1. Lock-free parallel BFS with dynamic load balancing

Refer to the previous post titled “Weeks 9 to 10”, sections 3, 4, 5. This section is not intended to make sense without it.

I wrote a parallel version of breadth first search that uses dynamic load balancing. The current level is partitioned into nthreads() vectors named cur_level_t.

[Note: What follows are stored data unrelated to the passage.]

(* Let $\mathfrak K$ be a cone of $\mathbb R^d$-valued predictable $S$-integrable processes (i.e. $\vartheta\in\mathfrak K$, $c\ge 0$ imply $c\vartheta\in\mathfrak K$) such that $\vartheta\cdot S_T\in L^2(P)$ for all $\vartheta\in\mathfrak K$. Let $\tilde\varphi\in\mathfrak K$ be a solution of the problem $$\text{minimise } E\big[|1-\vartheta\cdot S_T|^2\big] \text{ over } \vartheta\in\mathfrak K,$$ and assume $\tilde\varphi\cdot S_T\not\equiv 1$ and $E[\tilde\varphi\cdot S_T]>0$. Then, for $\gamma>0$, the strategy $$\tilde\vartheta=\frac{1}{\gamma}\,\frac{1}{E[1-\tilde\varphi\cdot S_T]}\,\tilde\varphi$$ solves the problem: maximise $E[V_T(x,\vartheta)]-\frac{\gamma}{2}\mathrm{Var}[V_T(x,\vartheta)]$ over $\vartheta\in\mathfrak K$; and for $m>x$ the strategy $$\tilde\vartheta^{(m,x)}=\frac{m-x}{E[\tilde\varphi\cdot S_T]}\,\tilde\varphi$$ solves the problem: minimise $\mathrm{Var}[V_T(x,\vartheta)]$ subject to $E[V_T(x,\vartheta)]=m$ and $\vartheta\in\mathfrak K$.
   Context: $(\Omega,\mathcal F,P)$ is a probability space with a filtration $(\mathcal F_t)_{0\le t\le T}$ satisfying the usual conditions, $T>0$ fixed. $S$ is an $\mathbb R^d$-valued RCLL semimartingale (discounted prices of $d$ risky assets; the riskless asset has price $1$). For $x\in\mathbb R$ and an $S$-integrable predictable $\vartheta$, $V_t(x,\vartheta):=x+\int_0^t\vartheta_u\,dS_u=x+\vartheta\cdot S_t$. *)

From HB Require Import structures.
From mathcomp Require Import all_boot all_order all_algebra.
From mathcomp Require Import all_classical all_reals all_analysis.
Set Implicit Arguments. Unset Strict Implicit. Unset Printing Implicit Defensive.
Import Order.TTheory GRing.Theory Num.Theory.
Local Open Scope ring_scope.

Definition expectR (R : realType) (d : measure_display) (T : measurableType d)
  (P : probability T R) (X : T -> R) : R :=
  fine (\int[P]_w (X w)%:E).

Definition varianceR (R : realType) (d : measure_display) (T : measurableType d)
  (P : probability T R) (X : T -> R) : R :=
  expectR P (fun w => (X w - expectR P X) ^+ 2).

Definition inL2 (R : realType) (d : measure_display) (T : measurableType d)
  (P : probability T R) (X : T -> R) : Prop :=
  measurable_fun setT X /\ P.-integrable setT (fun w => (X w ^+ 2)%:E).

(* Terminal wealth V_T(x, theta) = x + theta . S_T, where [gain theta]
   stands for the terminal value theta . S_T of the stochastic integral. *)
Definition wealth (R : realType) (T : Type) (Theta : Type)
  (gain : Theta -> T -> R) (x : R) (th : Theta) : T -> R :=
  fun w => x + gain th w.

From HB Require Import structures.
From mathcomp Require Import all_boot all_order all_algebra.
From mathcomp Require Import all_classical all_reals all_analysis.
From mathcomp Require Import ring lra measurable_realfun.
Import Order.TTheory GRing.Theory Num.Theory.
Local Open Scope ring_scope.
Local Open Scope classical_set_scope.

(* Every quantity in the theorem is a quadratic polynomial in the mean
   [mu th = E[th . S_T]] and the second moment [s th = E[(th . S_T)^2]], and
   along a ray of the cone [mu (c th) = c mu th], [s (c th) = c^2 s th].
   Minimising [E[(1 - c th . S_T)^2] = 1 - 2 c mu + c^2 s] over [c >= 0]
   gives [1 - mu^2 / s], so the optimality of [phi] forces
   [s phi = mu phi =: a] and, for every [th] with [mu th > 0], the Sharpe
   ratio bound [mu th ^+ 2 <= a * s th].  Both mean-variance problems reduce
   to this bound by elementary algebra; [a < 1] because [phi . S_T] is not
   a.s. equal to [1]. *)

Section Moments.
Context {R : realType} {d : measure_display} {T : measurableType d}
  {P : probability T R}.

Lemma inL2_integrable {g : T -> R} :
  inL2 P g -> P.-integrable setT (fun w => (g w)%:E).
Proof.
move=> [mg ig2].
apply: (@le_integrable _ _ _ P setT measurableT _ (fun w => (1 + g w ^+ 2)%:E)).
- exact/measurable_EFinP.
- move=> w _ /=; rewrite lee_fin [X in _ <= X]ger0_norm ?addr_ge0 ?sqr_ge0 //.
  by case: (lerP 0 (g w)) => h; [rewrite ger0_norm | rewrite ltr0_norm]; nra.
- under eq_fun do rewrite EFinD.
  exact/integrableD/ig2/(finite_measure_integrable_cst P 1 measurableT).
Qed.

Section Quadratic.
Context {g : T -> R} (a b c : R).
Hypothesis g_L2 : inL2 P g.

Let quadraticE : (fun w => (a + b * g w + c * g w ^+ 2)%:E) =
  (fun w => a%:E + b%:E * (g w)%:E + c%:E * (g w ^+ 2)%:E)%E.
Proof. by apply: funext => w; rewrite !EFinD !EFinM. Qed.

Let int_cst : P.-integrable setT (fun _ => a%:E).
Proof. exact: finite_measure_integrable_cst. Qed.

Let int_lin : P.-integrable setT (fun w => b%:E * (g w)%:E)%E.
Proof. exact/integrableZl/inL2_integrable. Qed.

Let int_sqr : P.-integrable setT (fun w => c%:E * (g w ^+ 2)%:E)%E.
Proof. by apply: integrableZl => //; case: g_L2. Qed.

Lemma integrable_quadratic :
  P.-integrable setT (fun w => (a + b * g w + c * g w ^+ 2)%:E).
Proof. by rewrite quadraticE; apply: integrableD => //; exact: integrableD. Qed.

Lemma expectR_quadratic :
  expectR P (fun w => a + b * g w + c * g w ^+ 2) =
  a + b * expectR P g + c * expectR P (fun w => g w ^+ 2).
Proof.
rewrite /expectR quadraticE integralD ?integralD //; last exact: integrableD.
rewrite (integralZl _ (inL2_integrable g_L2)) // (integralZl _ g_L2.2) //.
rewrite integral_cst // -[X in (_ * X)%E]/(P setT) probability_setT mule1.
have fin_g := integrable_fin_num measurableT (inL2_integrable g_L2).
have fin_g2 := integrable_fin_num measurableT g_L2.2.
rewrite fineD ?fin_numD ?fin_numM // fineD ?fin_numM //.
by rewrite !fineM.
Qed.

End Quadratic.

Lemma expectR_ge0 (F : T -> R) : (forall w, 0 <= F w) -> 0 <= expectR P F.
Proof.
by move=> F_ge0; rewrite fine_ge0 // integral_ge0 // => w _; rewrite lee_fin.
Qed.

Lemma expectR_sqr_eq0_ae (h : T -> R) :
  P.-integrable setT (fun w => (h w ^+ 2)%:E) ->
  expectR P (fun w => h w ^+ 2) = 0 -> {ae P, forall w, h w = 0}.
Proof.
move=> h2_int h2_eq0.
have int_abs0 : (\int[P]_(w in setT) `|(h w ^+ 2)%:E| = 0)%E.
  under eq_integral do rewrite gee0_abs ?lee_fin ?sqr_ge0 //.
  have := integrable_fin_num measurableT h2_int.
  by move: h2_eq0; rewrite /expectR => h2_eq0 fin_h2; rewrite -[LHS]fineK // h2_eq0.
have := (ae_eq_integral_abs P measurableT (measurable_int P h2_int)).1 int_abs0.
by apply: filterS => w /(_ I) /= [] /eqP; rewrite sqrf_eq0 => /eqP.
Qed.

End Moments.

Lemma sqr_le_of_ray_bound (R : realFieldType) (v mu s : R) : 0 < s ->
  v <= 1 - 2 * (mu / s * mu) + (mu / s) ^+ 2 * s -> mu ^+ 2 <= (1 - v) * s.
Proof.
move=> s_gt0; rewrite -ler_pdivrMr //.
have -> : 1 - 2 * (mu / s * mu) + (mu / s) ^+ 2 * s = 1 - mu ^+ 2 / s.
  by field; rewrite gt_eqF.
by move=> opt; lra.
Qed.

Lemma mean_variance_bound (R : realFieldType) (gamma a k mu s : R) :
  0 < gamma -> 0 < a < 1 -> k * gamma * (1 - a) = 1 ->
  mu ^+ 2 <= s -> (0 < mu -> mu ^+ 2 <= a * s) ->
  mu - gamma / 2 * (s - mu ^+ 2) <= k * a - gamma / 2 * (k ^+ 2 * a - (k * a) ^+ 2).
Proof.
move=> gamma_gt0 /andP[a_gt0 a_lt1] kE var_ge0 sharpe.
have k_ge0 : 0 <= k.
  have : 0 < k * (gamma * (1 - a)) by rewrite mulrA kE ltr01.
  by rewrite pmulr_lgt0 ?mulr_gt0 ?subr_gt0 // => /ltW.
have -> : gamma / 2 * (k ^+ 2 * a - (k * a) ^+ 2) = k * gamma * (1 - a) * (k * a) / 2.
  by ring.
rewrite kE mul1r.
have ka_ge0 : 0 <= k * a by rewrite mulr_ge0 // ltW.
have gvar_ge0 : 0 <= gamma / 2 * (s - mu ^+ 2).
  by rewrite mulr_ge0 ?subr_ge0 // divr_ge0 // ltW.
have [mu_le0 | mu_gt0] := lerP mu 0; first lra.
have {}sharpe : gamma * (mu ^+ 2 * (1 - a)) <= gamma * (a * (s - mu ^+ 2)).
  apply: ler_wpM2l; first exact: ltW.
  by rewrite !mulrBr mulr1 (mulrC (mu ^+ 2) a) lerD2r; exact: sharpe.
(* completing the square in [mu] around [a / (gamma (1 - a))] *)
have sq_ge0 : 0 <= k * (gamma * (1 - a) * mu - a) ^+ 2 by rewrite mulr_ge0 ?sqr_ge0.
have sqE : k * (gamma * (1 - a) * mu - a) ^+ 2 = gamma * (1 - a) * mu ^+ 2
  * (k * gamma * (1 - a)) - 2 * a * mu * (k * gamma * (1 - a)) + k * a ^+ 2.
  by ring.
rewrite sqE kE !mulr1 in sq_ge0.
rewrite -(ler_pM2l a_gt0); lra.
Qed.

Section MeanVariance.
Context {R : realType} {d : measure_display} {T : measurableType d}
  {P : probability T R} {Theta : lmodType R} {gain : Theta -> T -> R}
  {K : set Theta}.
Hypothesis K_cone : forall th c, K th -> 0 <= c -> K (c *: th).
Hypothesis gainZ : forall th c, K th -> 0 <= c ->
  gain (c *: th) = (fun w => c * gain th w).
Hypothesis gain_L2 : forall th, K th -> inL2 P (gain th).

Let mu th := expectR P (gain th).
Let s th := expectR P (fun w => gain th w ^+ 2).

Lemma expectR_wealth x {th} : K th -> expectR P (wealth gain x th) = x + mu th.
Proof.
move=> Kth.
rewrite (_ : wealth _ _ _ = fun w => x + 1 * gain th w + 0 * gain th w ^+ 2).
  by rewrite (expectR_quadratic _ _ _ (gain_L2 _ Kth)); rewrite /mu; ring.
by apply: funext => w; rewrite /wealth; ring.
Qed.

Lemma varianceR_wealth x {th} : K th ->
  varianceR P (wealth gain x th) = s th - mu th ^+ 2.
Proof.
move=> Kth; rewrite /varianceR expectR_wealth //.
rewrite (_ : (fun w => _) = fun w => mu th ^+ 2 + (- 2 * mu th) * gain th w
  + 1 * gain th w ^+ 2); last by apply: funext => w; rewrite /wealth; ring.
by rewrite (expectR_quadratic _ _ _ (gain_L2 _ Kth)); rewrite /s /mu; ring.
Qed.

Lemma expectR_sqr_one_sub {th} : K th ->
  expectR P (fun w => (1 - gain th w) ^+ 2) = 1 - 2 * mu th + s th.
Proof.
move=> Kth.
rewrite (_ : (fun w => _) = fun w => 1 + (-2) * gain th w + 1 * gain th w ^+ 2).
  by rewrite (expectR_quadratic _ _ _ (gain_L2 _ Kth)); rewrite /mu /s; ring.
by apply: funext => w; ring.
Qed.

Lemma sqr_mean_le_moment {th} : K th -> mu th ^+ 2 <= s th.
Proof.
move=> Kth; rewrite -subr_ge0 -(varianceR_wealth 0 Kth).
by apply: expectR_ge0 => w; rewrite sqr_ge0.
Qed.

Lemma meanZ {th} c : K th -> 0 <= c -> mu (c *: th) = c * mu th.
Proof.
move=> Kth c_ge0; rewrite /mu gainZ //.
rewrite (_ : (fun w => _) = fun w => 0 + c * gain th w + 0 * gain th w ^+ 2).
  by rewrite (expectR_quadratic _ _ _ (gain_L2 _ Kth)); ring.
by apply: funext => w; ring.
Qed.

Lemma momentZ {th} c : K th -> 0 <= c -> s (c *: th) = c ^+ 2 * s th.
Proof.
move=> Kth c_ge0; rewrite /s gainZ //.
rewrite (_ : (fun w => _) = fun w => 0 + 0 * gain th w + c ^+ 2 * gain th w ^+ 2).
  by rewrite (expectR_quadratic _ _ _ (gain_L2 _ Kth)); ring.
by apply: funext => w; ring.
Qed.

Context {phi : Theta}.
Hypothesis K_phi : K phi.
Hypothesis phi_opt : forall th, K th ->
  expectR P (fun w => (1 - gain phi w) ^+ 2)
    <= expectR P (fun w => (1 - gain th w) ^+ 2).
Hypothesis phi_mean_gt0 : 0 < mu phi.

Lemma sqr_mean_le_opt {th} : K th -> 0 < mu th ->
  mu th ^+ 2 <= (2 * mu phi - s phi) * s th.
Proof.
move=> Kth mu_gt0.
have s_gt0 : 0 < s th.
  by apply: lt_le_trans (sqr_mean_le_moment Kth); rewrite exprn_gt0.
have c_ge0 : 0 <= mu th / s th by rewrite divr_ge0 // ltW.
have K_cth := K_cone _ _ Kth c_ge0.
have := phi_opt _ K_cth.
rewrite (expectR_sqr_one_sub K_phi) (expectR_sqr_one_sub K_cth).
rewrite meanZ // momentZ // => opt.
rewrite (_ : 2 * mu phi - s phi = 1 - (1 - 2 * mu phi + s phi)); last by ring.
exact: sqr_le_of_ray_bound s_gt0 opt.
Qed.

Lemma moment_opt : s phi = mu phi.
Proof.
have := sqr_mean_le_opt K_phi phi_mean_gt0.
rewrite -subr_ge0 (_ : _ - _ = - (mu phi - s phi) ^+ 2); last by ring.
rewrite oppr_ge0 => h; apply/eqP; rewrite eq_sym -subr_eq0 -sqrf_eq0.
by rewrite eq_le h sqr_ge0.
Qed.

Lemma sqr_mean_le_mean_opt {th} : K th -> 0 < mu th ->
  mu th ^+ 2 <= mu phi * s th.
Proof.
move=> Kth mu_gt0; have := sqr_mean_le_opt Kth mu_gt0.
by rewrite moment_opt (_ : 2 * mu phi - mu phi = mu phi) //; ring.
Qed.

Hypothesis phi_not1 : ~ {ae P, forall w, gain phi w = 1}.

Lemma mean_opt_lt1 : mu phi < 1.
Proof.
have := sqr_mean_le_moment K_phi; rewrite moment_opt => h.
have mu_le1 : mu phi <= 1 by nra.
rewrite lt_neqAle mu_le1 andbT; apply/eqP => mu_eq1; apply: phi_not1.
have sq_int : P.-integrable setT (fun w => ((1 - gain phi w) ^+ 2)%:E).
  rewrite (_ : (fun w => _) =
    fun w => (1 + (-2) * gain phi w + 1 * gain phi w ^+ 2)%:E).
    exact: integrable_quadratic (gain_L2 _ K_phi).
  by apply: funext => w; congr EFin; ring.
have := expectR_sqr_eq0_ae _ sq_int.
rewrite (expectR_sqr_one_sub K_phi) moment_opt mu_eq1 => /(_ ltac:(ring)).
by apply: filterS => w /eqP; rewrite subr_eq0 eq_sym => /eqP.
Qed.

Lemma mean_variance_opt gamma x : 0 < gamma ->
  let th1 := (gamma^-1 * (expectR P (fun w => 1 - gain phi w))^-1) *: phi in
  K th1 /\
  forall th, K th ->
    expectR P (wealth gain x th) - gamma / 2 * varianceR P (wealth gain x th)
      <= expectR P (wealth gain x th1)
         - gamma / 2 * varianceR P (wealth gain x th1).
Proof.
move=> gamma_gt0 th1.
have one_sub_mu : expectR P (fun w => 1 - gain phi w) = 1 - mu phi.
  rewrite (_ : (fun w => _) = fun w => 1 + (-1) * gain phi w + 0 * gain phi w ^+ 2).
    by rewrite (expectR_quadratic _ _ _ (gain_L2 _ K_phi)); rewrite /mu; ring.
  by apply: funext => w; ring.
have mu_lt1 := mean_opt_lt1.
have k_ge0 : 0 <= gamma^-1 * (1 - mu phi)^-1.
  by rewrite mulr_ge0 // invr_ge0 ltW // subr_gt0.
have th1E : th1 = (gamma^-1 * (1 - mu phi)^-1) *: phi by rewrite /th1 one_sub_mu.
have K_th1 : K th1 by rewrite th1E; exact: K_cone.
split=> // th Kth; rewrite th1E in K_th1 *.
rewrite !expectR_wealth // !varianceR_wealth // meanZ // momentZ // moment_opt.
rewrite -!addrA lerD2l; apply: mean_variance_bound => //.
- by rewrite phi_mean_gt0 mu_lt1.
- by field; rewrite !gt_eqF ?subr_gt0.
- exact: sqr_mean_le_moment.
- exact: sqr_mean_le_mean_opt.
Qed.

Lemma min_variance_opt x m : x < m ->
  let th2 := ((m - x) / expectR P (gain phi)) *: phi in
  [/\ K th2, expectR P (wealth gain x th2) = m &
  forall th, K th -> expectR P (wealth gain x th) = m ->
    varianceR P (wealth gain x th2) <= varianceR P (wealth gain x th)].
Proof.
move=> x_lt_m th2; rewrite -/(mu phi) in th2 *.
have k_ge0 : 0 <= (m - x) / mu phi by rewrite divr_ge0 ?subr_ge0 // ltW.
have k_def : (m - x) / mu phi * mu phi = m - x by rewrite divfK // gt_eqF.
have K_th2 : K th2 by exact: K_cone.
have mean_th2 : expectR P (wealth gain x th2) = m.
  by rewrite expectR_wealth // meanZ // k_def; ring.
split=> // th Kth; rewrite expectR_wealth // => mean_th.
have mu_th : mu th = m - x by lra.
have sharpe : mu th ^+ 2 <= mu phi * s th.
  by apply: sqr_mean_le_mean_opt; rewrite // mu_th subr_gt0.
rewrite !varianceR_wealth // meanZ // momentZ // moment_opt k_def -mu_th lerD2r.
have -> : (mu th / mu phi) ^+ 2 * mu phi = mu th ^+ 2 / mu phi.
  by field; rewrite gt_eqF.
by rewrite ler_pdivrMr // mulrC.
Qed.

End MeanVariance.

Theorem lemma2p1 (R : realType) (d : measure_display) (T : measurableType d)
  (P : probability T R)
  (Theta : lmodType R)            (* S-integrable predictable processes *)
  (gain : Theta -> T -> R)        (* theta |-> theta . S_T *)
  (K : set Theta)
  (hK_cone : forall th c, K th -> 0 <= c -> K (c *: th))
  (hgain_hom : forall th c, K th -> 0 <= c ->
      gain (c *: th) = (fun w => c * gain th w))
  (hK_L2 : forall th, K th -> inL2 P (gain th))
  (phi : Theta) (hphiK : K phi)
  (hphi_opt : forall th, K th ->
      expectR P (fun w => (1 - gain phi w) ^+ 2)
        <= expectR P (fun w => (1 - gain th w) ^+ 2))
  (hphi_not1 : ~ {ae P, forall w, gain phi w = 1})
  (hphi_pos : 0 < expectR P (gain phi)) :
  (forall (gamma x : R), 0 < gamma ->
     let th1 := (gamma^-1 * (expectR P (fun w => 1 - gain phi w))^-1) *: phi in
     K th1 /\
     forall th, K th ->
       expectR P (wealth gain x th) - gamma / 2 * varianceR P (wealth gain x th)
         <= expectR P (wealth gain x th1)
            - gamma / 2 * varianceR P (wealth gain x th1))
  /\
  (forall (x m : R), x < m ->
     let th2 := ((m - x) / expectR P (gain phi)) *: phi in
     [/\ K th2, expectR P (wealth gain x th2) = m &
     forall th, K th -> expectR P (wealth gain x th) = m ->
       varianceR P (wealth gain x th2) <= varianceR P (wealth gain x th)]).
Proof.
split=> [gamma x gamma_gt0 | x m x_lt_m].
- exact: (mean_variance_opt hK_cone hgain_hom hK_L2 hphiK hphi_opt hphi_pos hphi_not1).
- exact: (min_variance_opt hK_cone hgain_hom hK_L2 hphiK hphi_opt hphi_pos).
Qed.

The thread number thread_id explores the outneighbours of the vertices in the partition cur_level_t[thread_id]. When a thread thread_id has finished working on cur_level_t[thread_id], it should search for a thread t that has not finished iterating cur_level_t[t] and steal some vertices from cur_level_t[t].

# Obtain equal sized partitions of sources and place partition
# i into queue_list[i].
function partition_sources!(
    queue_list::Vector{Vector{T}},
    sources::Vector{<:Integer},
    empty_list::Vector{Bool}
    ) where T<:Integer
    
    partitions = LightGraphs.unweighted_contiguous_partition(length(sources), length(queue_list))
    for (i, p) in enumerate(partitions)
        append!(queue_list[i], sources[p])
        empty_list[i] = isempty(p)
    end
end

function dynamic_parallel_gdistances!(
    g::AbstractGraph{T}, 
    sources::Vector{<:Integer},
    vert_level::Vector{T};
    queue_segment_size::Integer=20
    ) where T <:Integer
 
    nvg = nv(g)
    n_t = nthreads()
    segment_size = convert(T, queue_segment_size) # Type stability
    fill!(vert_level, typemax(T))
    visited = zeros(Bool, nvg)

    # Level queues
    next_level_t = [sizehint!(Vector{T}(), cld(nvg, n_t)) for _ in Base.OneTo(n_t)]
    cur_level_t = [sizehint!(Vector{T}(), cld(nvg, n_t)) for _ in Base.OneTo(n_t)]
    cur_front_t = ones(T, n_t)
    queue_explored_t = zeros(Bool, n_t)

    for s in sources    
        visited[s] = true
        vert_level[s] = zero(T)
    end

    partition_sources!(cur_level_t, sources, queue_explored_t)
    is_cur_level_t_empty = isempty(sources)
    n_level = zero(T)

    while !is_cur_level_t_empty
        n_level += one(T)

        @threads for thread_id in Base.OneTo(n_t)
            #Explore current level in parallel
            @inbounds next_level = next_level_t[thread_id]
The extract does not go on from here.